Marketers claim to solve this by factoring a complex web of associations through a magical black box – th WSJ article mentions that they “applied a computed algorithm” to flag patients. Having seen behind the curtain on a few of these magic algorithms, I can confidently say that they are underwhelming in their sophistication. Hand-wavy references to Big Data and Algorithms are just the tools used to impress pharma clients. (The down side to that, of course, is that you can’t help but come across as big brotherish – see this coverage from Forbes for a taste of what happens when people accept these claims uncritically.)

But the effectiveness of these data slice-n-dicing activities is perhaps beside the point. They are really just a thin cover for old-fashioned boiler room tactics: direct mail and telemarketing. When I got my first introduction to direct marketing in the 90’s, it was the exact same program – get lead lists from big companies like Experian, then aggressively mail and call until you get a response.

The limited effectiveness and old-school aggressiveness of these programs comes is nicely illustrated in the article by one person’s experience:
Larna Godsey, of Wichita, Kan., says she received a dozen phone calls about a diabetes drug study over the past year from a company that didn't identify itself. Ms. Godsey, 63, doesn't suffer from the disease, but she has researched it on the Internet and donated to diabetes-related causes. "I don't know if it's just a coincidence or if they're somehow getting my information," says Ms. Godsey, who filed a complaint with the FTC this year.
The article notes that one recruitment company, Acurian, has been the subject of over 500 FTC complaints regarding its tactics. It’s clear that Big Data is just the latest buzzword lipstick on the telemarketing pig. And that’s the real shame of it.

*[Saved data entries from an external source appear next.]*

Definition measure_cdf (x : R) : R := fine (mu `]-oo, x]%classic).

Lemma measure_cdfE x : mu `]-oo, x]%classic = (measure_cdf x)%:E.
Proof. by rewrite fineK // fin_num_measure. Qed.

Lemma measure_cdf_nondecreasing : {homo measure_cdf : x y / x <= y}.
Proof.
move=> x y xy; rewrite -lee_fin -!measure_cdfE; apply: le_measure; rewrite ?inE //.
by apply: subset_itvl; rewrite bnd_simp.
Qed.

Lemma measurable_measure_cdf : measurable_fun setT measure_cdf.
Proof. exact: nondecreasing_measurable measure_cdf_nondecreasing. Qed.

Lemma measurable_measure_cdf_le b : measurable [set x | measure_cdf x <= b].
Proof.
have := measurable_measure_cdf measurableT _ (measurable_itv `]-oo, b]).
by rewrite setTI; congr measurable; apply/seteqP; split => x /=; rewrite in_itv.
Qed.

Lemma exists_measure_cdf_gt b : b < 1 -> exists x, b < measure_cdf x.
Proof.
move=> b1; apply/not_existsP => cdf_le.
pose F n : set (measurableTypeR R) := `]-oo, n%:R]%classic.
have : (mu (\bigcup_n F n) <= b%:E)%E.
  apply: bigcup_nondecreasing_measure_le => [n|m n mn|n].
  - exact: measurable_itv.
  - by apply/subsetPset; apply: subset_itvl; rewrite bnd_simp ler_nat.
  - by have /negP := cdf_le n%:R; rewrite -leNgt -lee_fin -measure_cdfE.
have -> : \bigcup_n F n = setT.
  apply/seteqP; split => // x _; exists (Num.truncn x).+1 => //.
  by rewrite /F /= in_itv /= ltW // truncnS_gt.
by rewrite probability_setT lee_fin leNgt b1.
Qed.

Lemma measure_cdf_tail_le (b : R) : 0 <= b ->
  (mu [set x | (measure_cdf x <= b)%R] <= b%:E)%E.
Proof.
(* D is an initial segment of the line: either ]-oo, sup D] or, when the sup is
   not attained, the increasing union of the ]-oo, sup D - 1/(n+1)]. *)
move=> b_ge0; set D := [set x | _].
have mD : measurable D := measurable_measure_cdf_le b.
have [b_ge1|b_lt1] := leP 1 b.
  by apply: le_trans (probability_le1 mu mD) _; rewrite lee_fin.
have [->|/set0P[x1 Dx1]] := eqVneq D set0; first by rewrite measure0 lee_fin.
have [x0 b_lt_cdf] := exists_measure_cdf_gt _ b_lt1.
have D_ub x : D x -> x <= x0.
  move=> Dx; rewrite leNgt; apply/negP => /ltW/measure_cdf_nondecreasing cdf_le.
  by move: b_lt_cdf; rewrite ltNge (le_trans cdf_le Dx).
have supD : has_sup D by split; [exists x1 | exists x0].
set s := sup D.
have [Ds|nDs] := pselect (D s).
  apply: (@le_trans _ _ (mu `]-oo, s]%classic)).
    apply: le_measure; rewrite ?inE; [exact: mD | exact: measurable_itv |].
    by move=> x Dx; rewrite /= in_itv /= (sup_upper_bound supD Dx).
  by rewrite measure_cdfE lee_fin.
pose F n : set (measurableTypeR R) := `]-oo, s - n.+1%:R^-1]%classic.
apply: (@le_trans _ _ (mu (\bigcup_n F n))).
  apply: le_measure; rewrite ?inE; [exact: mD | |].
    exact: bigcup_measurable (fun n _ => measurable_itv _).
  move=> x Dx; have x_lt_s : x < s.
    by rewrite lt_neqAle (sup_upper_bound supD Dx) andbT; apply: contra_notN nDs => /eqP <-.
  have [k xk] := ltr_add_invr x_lt_s.
  by exists k => //; rewrite /F /= in_itv /= lerBrDr ltW.
apply: bigcup_nondecreasing_measure_le => [n|m n mn|n].
- exact: measurable_itv.
- apply/subsetPset; apply: subset_itvl.
  by rewrite bnd_simp lerD2l lerN2 lef_pV2 ?posrE // ler_nat.
- have inv_gt0 : 0 < n.+1%:R^-1 :> R by rewrite invr_gt0.
  have [e De se] := sup_adherent inv_gt0 supD.
  have := measure_cdf_nondecreasing _ _ (ltW se); rewrite -lee_fin -measure_cdfE => cdf_le.
  by apply: le_trans cdf_le _; rewrite lee_fin.
Qed.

We have arrived at an unprecedented opportunity for patients, researchers, and private industry to come together and discuss, as equals, research priorities and goals. Online patient communities like Inspire and PatientsLikeMe have created new mechanisms to share clinical trial opportunities and even create new studies. Dedicated disease advocates have jumped right into the world of clinical research, with groups like the Cystic Fibrosis Foundation and Michael J. Fox Foundation no longer content with raising research funds, but actively leading the design and operations of new studies.

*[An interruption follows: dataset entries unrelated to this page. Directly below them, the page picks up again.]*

Lemma sum_cell_deg (e : rel V) v :
  (\sum_(w | valid w) cell_deg e w v = \sum_(u | e v u) cell_count v u)%N.
Proof.
under [RHS]eq_bigr do rewrite cell_count_sum.
rewrite exchange_big; apply: eq_bigr => w _.
rewrite /cell_deg -sum1_card [RHS]big_mkcond [LHS]big_mkcond /=; apply: eq_bigr => u _.
by rewrite in_setI /nbhd inE; case: (e v u); case: (u \in cell w v).
Qed.

Hypothesis Pi_div : forall P, P \in Pi -> (r %| #|P|)%N.
Hypothesis r_gt1 : (1 < r)%N.

Lemma pblock_card_gt1 P : P \in Pi -> (1 < #|P|)%N.
Proof.
move=> PPi; have : (0 < #|P|)%N.
  rewrite card_gt0; apply: contraTneq PPi => ->.
  by case/and3P: Pi_partition.
by move/(dvdn_leq)/(_ (Pi_div PPi)); lia.
Qed.

Lemma sum_inv_pblock (R : numFieldType) :
  \sum_v ((#|pblock Pi v|.-1)%:R : R)^-1 <= 2 * #|Pi|%:R.
Proof.
rewrite (eq_bigl (mem (cover Pi))) => [|v]; last by rewrite Pi_cover !inE.
rewrite (big_trivIset _ Pi_triv) /= mulr_natr -sumr_const; apply: ler_sum => P PPi.
rewrite (eq_bigr (fun=> ((#|P|.-1)%:R : R)^-1)) => [|v vP]; last first.
  by rewrite (def_pblock Pi_triv PPi vP).
have P_gt1 := pblock_card_gt1 PPi.
rewrite sumr_const -[_ *+ #|P|]mulr_natl ler_pdivrMr ?ltr0n -?natrM ?ler_nat; lia.
Qed.

Lemma cell_count_le (R : numFieldType) v u : u != v ->
  (cell_count v u)%:R <= #|[pred w | valid w]|%:R * r.-1%:R / (#|pblock Pi v|.-1)%:R :> R.
Proof.
move=> uv; have P_gt1 : (1 < #|pblock Pi v|)%N.
  by apply/pblock_card_gt1/pblock_mem; rewrite Pi_cover inE.
case: (boolP (u \in pblock Pi v)) => u_blk.
  by rewrite -natrM -(cell_count_val u_blk uv) natrM mulfK // pnatr_eq0; lia.
by rewrite cell_count_out // mulr0n divr_ge0 ?mulr_ge0.
Qed.

Lemma sum_cell_adjacency_le (R : realFieldType) (e : rel V) :
  (forall v, ~~ e v v) -> (forall v, 0 < deg e v)%N ->
  \sum_(w | valid w) cell_adjacency R e w
    <= #|[pred w | valid w]|%:R * r.-1%:R * (2 * #|Pi|%:R).
Proof.
move=> e_irr deg_gt0; rewrite /cell_adjacency exchange_big /=.
set NW : R := #|[pred w | valid w]|%:R.
apply: (@le_trans _ _ (\sum_v NW * r.-1%:R / (#|pblock Pi v|.-1)%:R)); last first.
  by rewrite -mulr_sumr; apply: ler_wpM2l; [rewrite mulr_ge0 | exact: sum_inv_pblock].
apply: ler_sum => v _; rewrite -mulr_suml -natr_sum sum_cell_deg natr_sum.
rewrite ler_pdivrMr ?ltr0n //.
apply: (@le_trans _ _ (\sum_(u | e v u) NW * r.-1%:R / (#|pblock Pi v|.-1)%:R)).
  apply: ler_sum => u evu; apply: cell_count_le.
  by apply: contraNneq (e_irr v) => uv; rewrite uv in evu.
rewrite (eq_bigl (fun u => u \in nbhd e v)) => [|u]; last by rewrite /nbhd inE.
by rewrite sumr_const [X in _ <= X]mulr_natr.
Qed.

End Labellings.

Unset Implicit Arguments.

Theorem mainTheorem17 (R : realFieldType) (V : finType) (n p q : nat)
    (e : rel V) (f : V -> {set V} -> R) (K : V -> R) (Pi : {set {set V}}) :
  (0 < n)%N -> (0 < p)%N -> (0 < q)%N ->
  #|V| = ((p + q) * n)%N ->
  simple_graph e ->
  (forall v, (0 < deg e v)%N) ->
  (forall v, f v set0 = 0) ->
  (forall v, 0 < K v) ->
  lipschitz e f K ->
  partition Pi [set: V] ->
  (forall B, B \in Pi -> (p + q %| #|B|)%N) ->
  @meanSq V R p q n e f Pi <=
    2 * Kmax K ^+ 2 * (#|Pi|)%:R / (n * (p + q) * dmin e)%:R.
Proof.
move=> n_gt0 p_gt0 q_gt0 cardV [_ e_irr] deg_gt0 _ K_gt0 f_lip Pi_part Pi_div.
have K_ge0 v : 0 <= K v by apply: ltW.
have r_gt1 : (1 < p + q)%N by lia.
have dmin_pos : (0 < dmin e)%N.
  by apply: dmin_gt0 => //; rewrite cardV muln_gt0 n_gt0 addn_gt0 p_gt0.
have rhs_ge0 : 0 <= 2 * Kmax K ^+ 2 * (#|Pi|)%:R / (n * (p + q) * dmin e)%:R.
  by rewrite divr_ge0 ?mulr_ge0 ?sqr_ge0 ?Kmax_ge0.
rewrite /meanSq; set NW : R := #|[pred w | _]|%:R.
have [->|NW_neq0] := eqVneq NW 0; first by rewrite invr0 mulr0.
rewrite ler_pdivrMr ?lt_def ?NW_neq0 ?ler0n //.
set a := Kmax K ^+ 2 / (n * (p + q) * (p + q).-1 * dmin e)%:R.
have -> : 2 * Kmax K ^+ 2 * #|Pi|%:R / (n * (p + q) * dmin e)%:R * NW =
          a * (NW * (p + q).-1%:R * (2 * #|Pi|%:R)).
  by rewrite /a; field; rewrite -natrD !pnatr_eq0 -!lt0n dmin_pos; lia.
apply: (@le_trans _ _ (\sum_(w | valid_labelling Pi w) a * cell_adjacency R e w)).
  apply: ler_sum => w /andP[/injectiveP w_inj _].
  exact: condExp_sq_le.
rewrite -mulr_sumr; apply: ler_wpM2l; first by rewrite divr_ge0 ?sqr_ge0.
exact: sum_cell_adjacency_le.
Qed.
Lemma state_push_prel u u' s a b :
  state_typ u s -> prel a b -> wpath u u' a -> state_eq u' (state_push s a) (state_push s b).
Proof.
  intros Ts Hp Ha. destruct s as [v q b0]. pose proof Ts as [hv [hu hq]]; simpl in hu.
  destruct Hp as [w g h | w | w hw | x | x g]; simpl in Ha; unfold state_push; cbn [fold_left].
  - destruct Ha as [_ [<- [_ [_ <-]]]].
    rewrite !(state_step_LG _ _ _ (eq_sym hu)), (ract_ract hB hBl), trT_gmul. apply rst_refl.
  - destruct Ha as [_ [<- <-]].
    rewrite (state_step_LG _ _ _ (eq_sym hu)), trT_gone, (ract_one hB hBl). apply rst_refl.
  - rewrite state_step_vert by auto. apply rst_refl.
  - destruct Ha as [<- [_ Ha]]. rewrite gp_gb in Ha; subst u'. now apply state_push_inv.
  - destruct Ha as [_ [<- [_ <-]]]. now apply state_push_conj.
Qed.

Lemma state_push_weq u u' s W W' :
  state_typ u s -> weq u u' W W' -> state_eq u' (state_push s W) (state_push s W').
Proof.
  intros Ts. apply (crst_map (f := state_push s)); [apply clos_rst_is_equiv|].
  intros ? ? [HW [_ [l [r [a [b [Hp [-> ->]]]]]]]].
  rewrite !state_push_app.
  destruct (wpath_app_inv HW) as [u1 [H1 H2]].
  destruct (wpath_app_inv H2) as [u2 [H3 H4]].
  apply state_push_eq with u2; auto.
  apply state_push_prel with u1; eauto using state_push_typ.
Qed.

Lemma state_step_return (z : B) q (b : Bs z) :
  gm z <> z -> wpath y0 (lam (gm z)) q ->
  state_eq (rho (gm z)) (State (gm z) q (bm b))
    (state_step (State (gm (gb z)) (q ++ [LX (lam z)]) (bm (bb b))) (LX (gb (rho z)))).
Proof.
  intros hz hq.
  assert (hre : gm (rho z) <> rho z) by now apply (proj1 hfib).
  assert (hq' : wpath y0 (lam (gm (gb z))) (q ++ [LX (lam z)])).
  { apply wpath_app with (lam (gm z)); auto. simpl. rewrite !gmap_m. split; auto.
    unfold gp. now rewrite gmap_b. }
  assert (Ha : wpath (rho (gm (gb z))) (gm (rho z)) [LX (gb (rho z))]).
  { simpl. rewrite gmap_m, gmap_b. split; auto. apply gp_gb. }
  pose proof (state_step_back b hre hq') as Hbk.
  pose proof (state_eq_typ Hbk (state_step_typ (state_typ_init (bm (bb b)) (gmV _) hq') Ha)) as T.
  rewrite gmap_m. apply rst_sym. eapply rst_trans; [exact Hbk|].
  apply state_eq_rel; [exact T|]. constructor.
  destruct T as [_ [_ W]]; cbn [sv sq sb] in W.
  rewrite (gmap_b lam), <- app_assoc in W.
  apply (weq_prel' (l := q) (r := []) (pr_inv (lam z))).
  - exact W.
  - now rewrite (gmap_b lam), <- app_assoc.
  - now rewrite app_nil_r.
Qed.

Definition state_rep (s : state) (p : list (letter X)) : fbrep B := FBRep (sv s) (sq s) (sb s) p.

Section ToFundamentalBiset.
Variable star : X.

Some – not yet enough – pharmaceutical companies have embraced the opportunity to work more openly and honestly with patient groups. The scandal of stories like this is not the Wizard of Oz histrionics of secret computer algorithms, but that we as an industry continue to take the low road and resort to questionable boiler room tactics.

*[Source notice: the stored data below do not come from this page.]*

Lemma is_derive_phase t : t ^ 2 < rho t ^ 2 ->
  is_derive phase t
    (- (1 + 2 * tau * t + tau ^ 2 * rho t ^ 2) / sqrt (rho t ^ 2 - t ^ 2)).
Proof.
  intros Ht.
  pose proof (rho_pos t) as Hrho.
  assert (Hs : 0 < sqrt (rho t ^ 2 - t ^ 2)) by (apply sqrt_lt_R0; lra).
  assert (Hq : is_derive (fun s => s / rho s) t ((1 + tau * t) / rho t)).
  { eapply is_derive_val.
    - apply (is_derive_div (fun s => s) rho); [apply is_derive_id | apply is_derive_rho | lra].
    - simpl. change (one : R) with 1. field. lra. }
  assert (Hg : is_derive (fun s => rho s ^ 2 - s ^ 2) t (- 2 * (tau * rho t ^ 2 + t))).
  { unfold rho, Rminus. auto_derive; [exact I | ring]. }
  pose proof (is_derive_comp acos _ t _ _ (is_derive_acos _ (ratio_bound_lt _ _ Hrho Ht)) Hq) as Hacos.
  pose proof (is_derive_scal _ t tau _ (is_derive_sqrt _ t _ Hg ltac:(lra))) as Hsqrt.
  eapply is_derive_val; [apply (is_derive_plus _ _ t _ _ Hacos Hsqrt) |].
  change (plus ?x ?y) with (x + y); change (scal ?x ?y) with (x * y).
  rewrite sqrt_1_minus_ratio by lra.
  field. lra.
Qed.

Lemma phase_start : phase a = acos (a / r) + tau * sqrt (r ^ 2 - a ^ 2).
Proof. unfold phase, rho. now rewrite Rminus_diag, Rmult_0_r, exp_0, Rmult_1_r. Qed.

Lemma cos_phase u y : u ^ 2 + y ^ 2 = rho u ^ 2 ->
  cos (phase u) = (u * cos (tau * y) - y * sin (tau * y)) / rho u.
Proof.
  intros Huy. pose proof (rho_pos u) as Hrho.
  assert (Hsq : sqrt (rho u ^ 2 - u ^ 2) = Rabs y).
  { rewrite <- sqrt_Rsqr_abs. f_equal. unfold Rsqr. lra. }
  assert (Hcos_even : cos (tau * Rabs y) = cos (tau * y)).
  { unfold Rabs; destruct Rcase_abs; [rewrite <- cos_neg; f_equal|]; ring. }
  assert (Hsin_odd : Rabs y * sin (tau * Rabs y) = y * sin (tau * y)).
  { unfold Rabs; destruct Rcase_abs; [replace (tau * - y) with (- (tau * y)) by ring;
      rewrite sin_neg|]; ring. }
  unfold phase. rewrite Hsq, cos_plus, cos_acos, sin_acos_ratio by (try apply ratio_bound; nra).
  rewrite Hsq, Hcos_even. field_simplify_eq; [| lra]. rewrite Hsin_odd. ring.
Qed.
(* Let $F\in\mathbb{C}[x]$ be a polynomial of degree $n\ge 2$ with roots $z_1,\ldots,z_n$ (listed with multiplicity). Let $k$ be an integer with $0\le k\le n$, let $K\in\mathbb{R}$ with $K\ge 1$, and let $c_1,c_2$ be real numbers satisfying \[ c_2\cdot n\cdot \ln\!\Big(\frac{1+2K}{2K}\Big)\;\ge\; c_1\cdot n\;\ge\;\frac{\max(1,k)}{\ln\!\big(1+\frac{1}{8K}\big)}. \] Let $\Delta=\Delta(m,r)$ be a disk and suppose there is a real $\lambda$ with \[ \lambda\ge\max\big(4c_2\cdot \max(1,k)\cdot n^3,\;16K\cdot\max(1,k)^2\cdot n\big) \] such that $\Delta$ is $(1,\lambda)$-isolating for the roots $z_1,\ldots,z_k$ of $F$. Then $T_k(c_1n\cdot\Delta,K,F)$ holds, i.e. \[ \left|\frac{F^{(k)}(m)(c_1nr)^k}{k!}\right|>K\sum_{i\ne k}\left|\frac{F^{(i)}(m)(c_1nr)^i}{i!}\right|. \]
   Context: $\Delta(m,r)$ denotes the open disk in $\mathbb{C}$ with center $m$ and radius $r>0$, and $\lambda\cdot\Delta(m,r):=\Delta(m,\lambda r)$ for $\lambda>0$. For $0<\rho_1\le 1\le\rho_2$ and a set $S$ of roots of $F$ (counted with multiplicity), a disk $\Delta$ is called $(\rho_1,\rho_2)$-isolating for $S$ if $\rho_1\cdot\Delta$ contains exactly the roots in $S$ (with multiplicity) and $\rho_2\cdot\Delta\setminus\rho_1\cdot\Delta$ contains no root of $F$. For a disk $\Delta(m,r)$, $K\ge 1$ and $0\le k\le n$, the predicate $T_k(\Delta(m,r),K,F)$ (also written $T_k(m,r,K,F)$) holds iff $\left|\frac{F^{(k)}(m) r^k}{k!}\right|>K\sum_{i\neq k}\left|\frac{F^{(i)}(m)r^i}{i!}\right|$, the sum ranging over $i\in\{0,\ldots,n\}\setminus\{k\}$. *)

From Stdlib Require Import Reals List Permutation.
Open Scope R_scope.
Lemma is_derive_A_sum k y : 0 < 1 - 4 * y ->
  is_derive (A_sum (S k)) y
    (-2 * sqrt (1 - 4 * y) * (ln (sqrt (1 - 4 * y)) - 1) * (4 * y) ^ k).
Proof.
  intros Hu.
  replace ((4 * y) ^ k) with (sum_lt (fun j => binom k j * (- (1 - 4 * y)) ^ j) (S k))
    by (rewrite sum_lt_binomial; f_equal; ring).
  rewrite <- sum_lt_scal. unfold A_sum.
  replace (S k - 1)%nat with k by lia.
  apply (is_derive_sum_lt (fun j z => (-1) ^ j * binom k j * A_j j z)).
  intros j _.
  replace (-2 * sqrt (1 - 4 * y) * (ln (sqrt (1 - 4 * y)) - 1)
           * (binom k j * (- (1 - 4 * y)) ^ j))
    with ((-1) ^ j * binom k j
          * (-2 * (1 - 4 * y) ^ j * sqrt (1 - 4 * y) * (ln (sqrt (1 - 4 * y)) - 1)))
    by (replace (- (1 - 4 * y)) with (-1 * (1 - 4 * y)) by ring;
        rewrite Rpow_mult_distr; ring).
  apply is_derive_scal, is_derive_A_j, Hu.
Qed.

(* This cancels the [m y^(m-1)] part of the derivative of
   [y^m sqrt (1 - 4y) (ln (sqrt (1 - 4y)) - 1) / 2]. *)
Lemma is_derive_scaled_A_sum m y : 0 < 1 - 4 * y ->
  is_derive (fun z => INR m / 4 ^ m * A_sum m z) y
    (- INR m * y ^ pred m * sqrt (1 - 4 * y) * (ln (sqrt (1 - 4 * y)) - 1) / 2).
Proof.
  intros Hu. destruct m as [|k].
  - replace (- INR 0 * y ^ pred 0 * sqrt (1 - 4 * y) * (ln (sqrt (1 - 4 * y)) - 1) / 2)
      with (INR 0 / 4 ^ 0 * 0) by (simpl; field).
    apply is_derive_scal, (is_derive_const (0 : R)).
  - replace (- INR (S k) * y ^ pred (S k) * sqrt (1 - 4 * y) * (ln (sqrt (1 - 4 * y)) - 1) / 2)
      with (INR (S k) / 4 ^ S k
            * (-2 * sqrt (1 - 4 * y) * (ln (sqrt (1 - 4 * y)) - 1) * (4 * y) ^ k)).
    + apply is_derive_scal, is_derive_A_sum, Hu.
    + assert (H4 : 4 ^ k <> 0) by (apply pow_nonzero; lra).
      rewrite Rpow_mult_distr. simpl. field. exact H4.
Qed.

Definition closed_primitive (m : nat) (y : R) : R :=
  y ^ m * sqrt (1 - 4 * y) * (ln (sqrt (1 - 4 * y)) - 1) / 2 + 0 ^ m / 2
  + INR m / 4 ^ m * A_sum m y.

It’s past time for the entire patient recruitment industry to drop the sleaze and move into the 21st century. I would hope that patient groups and researchers will come together as well to vigorously oppose these kinds of tactics when they encounter them.

(*According to the article, Acurian "has said that calls related to medical studies aren't advertisements as defined by law," so we can agree to call them "solicitations".)